It’s that time of year again. People are starting to have parties, get-togethers, dinners and glittering evenings of fun. If you’re like me, you’ll be navigating to the nearest soirée through heaps of homework and rivers of reading. But don’t fret! You can make it through the end of the semester (and fit in an event or two) without an all-systems meltdown.
What if you’re the one throwing the party? Give your invitees lots of notice. The amount of notice you should give depends on the level of pomp you’re planning to unleash. For a carefully planned out party, such as a big Christmas dinner, or a New Year’s Eve party, hosts should give their guests up to a month of notice. For casual dinners with close friends, a week is usually long enough.
Once you’ve decided who you’re going to invite, try to issue the invitation in the same way to each person. So, if you’re planning on calling or texting your friends, do so for everyone. If you’re giving out paper invitations, make sure everyone gets one. If you were to give paper invitations to most of your guests, and then email only a couple others, those who got the email could potentially feel like an afterthought, which is not the way you want your invitee to feel!
When it comes to the information given with the invitation you should include who the host will be, the type of occasion, when, and where your guests should show up.
A host can add additional information to their invitations. You can ask your guests to RSVP, send regrets only, or add dressing instructions. If you receive an invitation that says, “Regrets only,” you only need to contact the host if you are unable to attend. If your invitation says RSVP, your host wants to hear whether you’re planning to attend or not. If you are issuing an RSVP or regrets only invitation, make sure you include the contact information for who the guest should direct their reply.

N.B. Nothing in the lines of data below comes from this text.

(* Let $I$ be the set of inputs and $O$ be the set of outputs, and let $\Phi_{\mathrm{LTL}}$ be the LTL formula derived from a given $\mathrm{CTL}^*$ formula $\Phi_{\mathrm{CTL}^*}$ by the construction described in the context. Then: $\Phi_{\mathrm{CTL}^*}$ is realisable $\Leftrightarrow$ $\Phi_{\mathrm{LTL}}$ is realisable.
   Context: Realisability is with respect to Moore systems (outputs are delayed with respect to inputs); $\Phi_{\mathrm{CTL}^*}$ is a $\mathrm{CTL}^*$ state formula over inputs $I$ and outputs $O$ in positive normal form. The derivation of $\Phi_{\mathrm{LTL}}$ is as follows. Let $F_{\mathit{exist}}$ be the set of existentially quantified state subformulas $\mathsf{E}\varphi$ of $\Phi_{\mathrm{CTL}^*}$ and $F_{\mathit{univ}}$ the set of universally quantified ones $\mathsf{A}\varphi$. Let $k$ be the total number of states of the nondeterministic Büchi word automata for the path formulas of the existential subformulas. Introduce new outputs: for each $\mathsf{E}\varphi\in F_{\mathit{exist}}$ an integer-valued output $v_{\mathsf{E}\varphi}\in\{0,\dots,k\}$; for each $j\in\{1,\dots,k\}$ an output $d_j$ whose value is an input valuation in $2^I$ (a direction), where $\mathsf{G}\, d_j$ means that along the path the input always equals the direction given by $d_j$; and for each $\mathsf{A}\varphi\in F_{\mathit{univ}}$ a Boolean output $p_{\mathsf{A}\varphi}$. For a path formula $\varphi$, let $\varphi'$ be obtained by replacing every subformula $\mathsf{E}\psi$ by $v_{\mathsf{E}\psi}\neq 0$ and every subformula $\mathsf{A}\psi$ by $p_{\mathsf{A}\psi}$; let $\Phi'$ be obtained likewise from $\Phi_{\mathrm{CTL}^*}$. Then $\Phi_{\mathrm{LTL}} = \Phi' \wedge \bigwedge_{\mathsf{E}\varphi\in F_{\mathit{exist}}}\bigwedge_{j\in\{1,\dots,k\}} \mathsf{G}\big[v_{\mathsf{E}\varphi}=j \rightarrow (\mathsf{G}\, d_j \rightarrow \varphi')\big] \wedge \bigwedge_{\mathsf{A}\varphi\in F_{\mathit{univ}}} \mathsf{G}\big[p_{\mathsf{A}\varphi}\rightarrow \varphi'\big]$, with inputs $I$ and outputs $O$ together with the new outputs. *)

From HB Require Import structures.
From mathcomp Require Import all_boot.
Set Implicit Arguments. Unset Strict Implicit. Unset Printing Implicit Defensive.

Section Defs.
Variables (I O : finType).

Definition inval := {ffun I -> bool}.
Definition outval := {ffun O -> bool}.

Inductive ctl : Type :=
| CTrue | CFalse
| CIn of I | CNIn of I
| COut of O | CNOut of O
| CAnd of ctl & ctl | COr of ctl & ctl
| CX of ctl | CU of ctl & ctl | CR of ctl & ctl
| CE of ctl | CA of ctl.

Lemma ctl_eq_dec (x y : ctl) : {x = y} + {x <> y}.
Proof. decide equality; exact: eq_comparable. Qed.
HB.instance Definition _ := hasDecEq.Build ctl (compareP ctl_eq_dec).

Fixpoint is_state (f : ctl) : bool :=
  match f with
  | CTrue | CFalse | CIn _ | CNIn _ | COut _ | CNOut _ => true
  | CAnd a b | COr a b => is_state a && is_state b
  | CE _ | CA _ => true
  | _ => false
  end.
(* Fix $\eta>0$, let $\mu\in\mathbb{L}_2$ and $\lambda\in\mathbb{R}^{2md}$, and let $\delta=\max_{e\in E,i\in e}\|\nu^\lambda_{e,i}\|_1$. Then there exists $\hat\mu$ in the slack polytope $\mathbb{L}_2^{\nu^\lambda}$ such that $$\|\mu-\hat\mu\|_1\le16(m+n)d\delta+2\sum_{e\in E,i\in e}\|\nu^\lambda_{e,i}\|_1.$$
   Context: Let $G=(V,E)$ be a finite undirected graph with $n=|V|$, $m=|E|$, every vertex incident to at least one edge; $N_i=\{e\in E:i\in e\}$. $\chi$ is a finite label set with $d=|\chi|\ge2$. Costs $C_i\in\mathbb{R}^\chi$, $C_e\in\mathbb{R}^{\chi^2}$; for $e=\{i,j\}$, $x_e=(x_i,x_j)$, $(x_e)_i=x_i$. For $\mu=((\mu_i)_{i\in V},(\mu_e)_{e\in E})$, $\|\mu\|_1$ is the sum of absolute values of all entries. $\mathbb{L}_2=\{\mu\ge0:\mu_i\in\Sigma^d\ \forall i,\ \sum_{x_e:(x_e)_i=x}\mu_e(x_e)=\mu_i(x)\ \forall e,\,i\in e,\,x\}$, $\Sigma^d$ the probability simplex on $\chi$. For a vector $\nu=(\nu_{e,i})_{e\in E,i\in e}$, $\nu_{e,i}\in\mathbb{R}^\chi$, the slack polytope is $\mathbb{L}_2^\nu=\{\mu\ge0:\mu_i\in\Sigma^d\ \forall i,\ \sum_{x_e:(x_e)_i=x}\mu_e(x_e)=\mu_i(x)+\nu_{e,i}(x)\ \forall e,\,i\in e,\,x\}$. For $\lambda\in\mathbb{R}^{2md}$ (indexed by $(e,i,x)$): $\mu^\lambda_i(x)\propto\exp(-\eta C_i(x)+\eta\sum_{e\in N_i}\lambda_{e,i}(x))$, $\mu^\lambda_e(x_e)\propto\exp(-\eta C_e(x_e)-\eta\sum_{i\in e}\lambda_{e,i}((x_e)_i))$, each normalized; $S^\lambda_{e,i}(x)=\sum_{x_e:(x_e)_i=x}\mu^\lambda_e(x_e)$; slack $\nu^\lambda_{e,i}=S^\lambda_{e,i}-\mu^\lambda_i$. *)

From HB Require Import structures.
From mathcomp Require Import all_boot all_order all_algebra.
From mathcomp Require Import reals.
From mathcomp Require Import sequences exp.
Set Implicit Arguments. Unset Strict Implicit. Unset Printing Implicit Defensive.
Import Order.TTheory GRing.Theory Num.Theory.
Local Open Scope ring_scope.

(* Graph encoding: vertices V : finType, edges E : finType, each edge e has
   two endpoints [ends e false] and [ends e true]; the pair (e, b) encodes
   "i in e" with i = ends e b.  A labelling x_e of edge e is a pair
   (x, y) : chi * chi with x the label of [ends e false] and y that of
   [ends e true]. *)

Section Defs.
Variables (R : realType) (V chi E : finType) (ends : E -> bool -> V).

Definition simple_graph : Prop :=
  (forall e, ends e false != ends e true) /\
  (forall e e', [set ends e false; ends e true] = [set ends e' false; ends e' true] -> e = e').
(* For every bipartite quantum channel $\mathcal N\in\mathrm{Ch}(A'B',AB)$, \[ S^{\not\to}_\infty[A|B]_{\mathcal N}=S^\downarrow_\infty(A|R_AR_BB)_{\Phi^{\mathcal N}}. \]
   Context: All systems are finite-dimensional; $\log$ base 2; $\mathrm{St}(X)$ density operators; $\mathrm{Ch}(X',X)$ quantum channels. Maximally entangled state $\Phi_{RX}:=\frac1{|X|}\sum_{i,j}|ii\rangle\langle jj|$; Choi state of $\mathcal N\in\mathrm{Ch}(A'B',AB)$: $\Phi^{\mathcal N}_{R_AAR_BB}:=(\mathrm{id}\otimes\mathcal N)(\Phi_{R_AA'}\otimes\Phi_{R_BB'})$, $R_A\simeq A'$, $R_B\simeq B'$. $D_\infty(\rho\|\sigma):=\log\inf\{\lambda:\rho\le\lambda\sigma\}$; for a channel $\mathcal M$ and CP map $\mathcal M'$, $D_\infty[\mathcal M\|\mathcal M']:=\sup_{\rho\in\mathrm{St}(RX')}D_\infty((\mathrm{id}\otimes\mathcal M)(\rho)\|(\mathrm{id}\otimes\mathcal M')(\rho))$. NS conditional min-entropy: $S^{\not\to}_\infty[A|B]_{\mathcal N}:=-D_\infty[\mathcal N\|\mathcal R^{\mathbb1}_{A\to A}\circ\mathcal N]$, where $(\mathcal R^{\mathbb1}_{A\to A}\circ\mathcal N)(X)=\mathbb 1_A\otimes\operatorname{tr}_A\mathcal N(X)$. For a state $\rho_{XY}$, $S^\downarrow_\infty(X|Y)_\rho:=-D_\infty(\rho_{XY}\|\mathbb 1_X\otimes\rho_Y)$. *)

From HB Require Import structures.
From mathcomp Require Import all_boot all_order all_algebra.
From mathcomp Require Import boolp classical_sets reals constructive_ereal ereal exp.
From mathcomp Require Import complex mxtens.

Set Implicit Arguments.
Unset Strict Implicit.
Unset Printing Implicit Defensive.

Import Order.TTheory GRing.Theory Num.Theory.
Local Open Scope ring_scope.

(* Finite-dimensional system of dimension n: operators are 'M[R[i]]_n.
   Composite systems use the Kronecker product *t of mxtens, i.e. the
   basis index of X Y is mxtens_index (x, y) = x * |Y| + y. *)

Section QInfo.
Variable R : realType.
Local Notation C := R[i].

Definition adjmx {m n} (A : 'M[C]_(m, n)) : 'M[C]_(n, m) := (map_mx Num.conj A)^T.

Definition psdmx {n} (A : 'M[C]_n) : Prop :=
  forall v : 'cV[C]_n, 0 <= (adjmx v *m A *m v) 0 0.

Definition loewner {n} (A B : 'M[C]_n) : Prop := psdmx (B - A).

Definition density {n} (rho : 'M[C]_n) : Prop := psdmx rho /\ \tr rho = 1.

Definition ptrace1 {m n} (A : 'M[C]_(m * n)) : 'M[C]_n :=
  \matrix_(k, l) \sum_(i < m) A (mxtens_index (i, k)) (mxtens_index (i, l)).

Dressing instructions tell the guest how everyone will be attired. You might see “business casual,” “dressy casual,” “festive attire,” “black-tie,” or if you’re really fancy, “white tie”. A quick Google search will give you an indication of what to outfit choices correspond to which phrase.
When you get an invitation you are obligated to reply to the host promptly. If you are unsure if you will be able to attend, let the host know this right away and if you have an idea of when you will find out, convey that information too. It can be costly for a host to prepare for your company only to find out that you won’t be coming. There’s no fun in ruining your friends’ precious free-time.
Always thank your host for inviting you. Even if you can’t attend, getting an invitation shows that you are important to that person and they want to spend time with you. If you can, reciprocate the invitation. Reciprocating the invite doesn’t mean you need to have them over for the same type of event but that you get to see them socially at some point when you’re hosting.
Getting an invitation is not a green light for you to take it upon yourself to spread the word. Bringing an uninvited guest to a party is definitely not going to gain you any crediquette (unless it’s a big open Graham Ave-type thing). Ditto for small groups events.
Just last week a girlfriend of mine was organizing a night out with some close friends. It got kind of awkward when one guest invited another girl without checking with the hostess first. The hostess didn’t want to be rude to the new invite, but also didn’t really know what was going on.
It also needs to be said that you shouldn’t invite people in a way that leaves others out (think asking everyone you’re having lunch with but one person). And never talk at length about an event around someone who wasn’t invited.